The cocktail programme is worth arriving early for. The Pisco Sour has been rebuilt with Szechuan pepper and fresh lychee in a version that tastes more confident than reverent. The coconut-washed daiquiris and the house margaritas with Asian herb infusions demonstrate the same approach: respect for the source, willingness to push. The space itself — 557 square metres of high-voltage design — holds large groups without feeling communal in the way that compromises conversation. Acoustic control is thoughtful for a room of this energy level.

Why It's Perfect for a Birthday

INKA is engineered for celebration. The theatrical presentation of every course creates natural moments of shared experience; the 200-seat room has enough energy to feel festive without the mechanical birthday-restaurant choreography that makes other celebrations feel managed rather than spontaneous. Large tables are handled with genuine warmth — the group dining format of the menu, with dishes designed for sharing, means the table functions as a unit rather than a collection of individual orders. And the bar programme provides the kind of cocktail momentum that keeps a birthday dinner running well into the evening without requiring anyone to switch drinks.

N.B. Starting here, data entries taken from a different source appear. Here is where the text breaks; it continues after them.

Lemma exists_box_exponent (f N : nat) (g lam : R) :
  0 < g -> 0 < lam -> lam * (INR N * INR (f + 1) + g * INR f) < g ->
  exists be, 0 < be /\ 0 < g - (INR f + 1) * be /\ 0 < be * (1 - lam * INR f) - lam * INR N.
Proof.
  intros Hg Hl Hcond. rewrite plus_INR in Hcond. simpl in Hcond.
  pose proof (pos_INR f). pose proof (pos_INR N).
  assert (HNf : 0 <= INR N * (INR f + 1)) by nra.
  assert (Hlf : 0 < 1 - lam * INR f) by nra.
  set (b1 := lam * INR N / (1 - lam * INR f)). set (b2 := g / (INR f + 1)).
  assert (Hb1 : 0 <= b1) by (unfold b1, Rdiv; apply Rmult_le_pos; [nra | left; apply Rinv_0_lt_compat; lra]).
  assert (Hb12 : b1 < b2).
  { unfold b1, b2. apply Rmult_lt_reg_r with ((1 - lam * INR f) * (INR f + 1)); [nra|].
    field_simplify; [lra | lra | lra]. }
  assert (E1 : (1 - lam * INR f) * b1 = lam * INR N) by (unfold b1; field; lra).
  assert (E2 : (INR f + 1) * b2 = g) by (unfold b2; field; lra).
  exists ((b1 + b2) / 2). split; [lra|]. split; nra.
Qed.

Lemma exists_nat_between (r : R) : 1 <= r -> exists K : nat, (1 <= K)%nat /\ r < INR K <= 2 * r.
Proof.
  intros Hr. destruct (archimed r) as [Hup1 Hup2].
  assert (HupZ : (0 <= up r)%Z) by (apply le_IZR; lra).
  exists (Z.to_nat (up r)). rewrite INR_IZR_INZ, Z2Nat.id by exact HupZ.
  split; [|lra]. assert (Hpos : (0 < up r)%Z) by (apply lt_IZR; lra). lia.
Qed.


Lemma Rmax4_le a b c d X :
  Rmax a (Rmax b (Rmax c d)) <= X -> a <= X /\ b <= X /\ c <= X /\ d <= X.
Proof.
  intros H. pose proof (Rmax_l a (Rmax b (Rmax c d))). pose proof (Rmax_r a (Rmax b (Rmax c d))).
  pose proof (Rmax_l b (Rmax c d)). pose proof (Rmax_r b (Rmax c d)).
  pose proof (Rmax_l c d). pose proof (Rmax_r c d). lra.
Qed.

Why It's Perfect for a Team Dinner

A team dinner at INKA accomplishes what few restaurants can: it gives a group of people who spend most of their time in meeting rooms a genuinely novel shared experience. The sharing menu format ensures everyone is in the same food narrative simultaneously, the theatrical service provides natural conversation reset points, and the energy of the room is high enough to feel like an event rather than an extended office dinner. For teams that have done the standard Hakkasan or Ziya round, INKA is the answer that demonstrates someone on the team is paying attention to what is actually happening in Mumbai's dining scene.

8.6 Food
9.1 Ambience
8.0 Value

Signature Dishes

The Inti Smoked Tiradito — raw fish cured in tiger's milk with a smoked oil finish — is the dish that reviews uniformly cite as the reason to visit. The 48-hour pork belly, slow-braised with Andean chilli and finished on the grill, is the mountain section's showpiece. Banana Flake Seabass delivers the theatrical element most memorably: the fish arrives encrusted and plated with elements that transform on contact with heat. Arroz del Mar — a Peruvian seafood rice that borrows technique from Japanese donabe cooking — is the dish for tables that want one definitive main course to share. The Spicy Akami Tuna and Lamb Yakitori are the two bar snacks worth ordering as the evening's opening act.

The Verdict

Mumbai's most cinematic dining experience, with substance behind the spectacle. INKA is not trying to be the city's most refined tasting menu — Masque owns that territory — but for a celebration, a team dinner, or a first date that needs to make an impression, it delivers something none of Mumbai's other restaurants can: the feeling that the food itself is the event.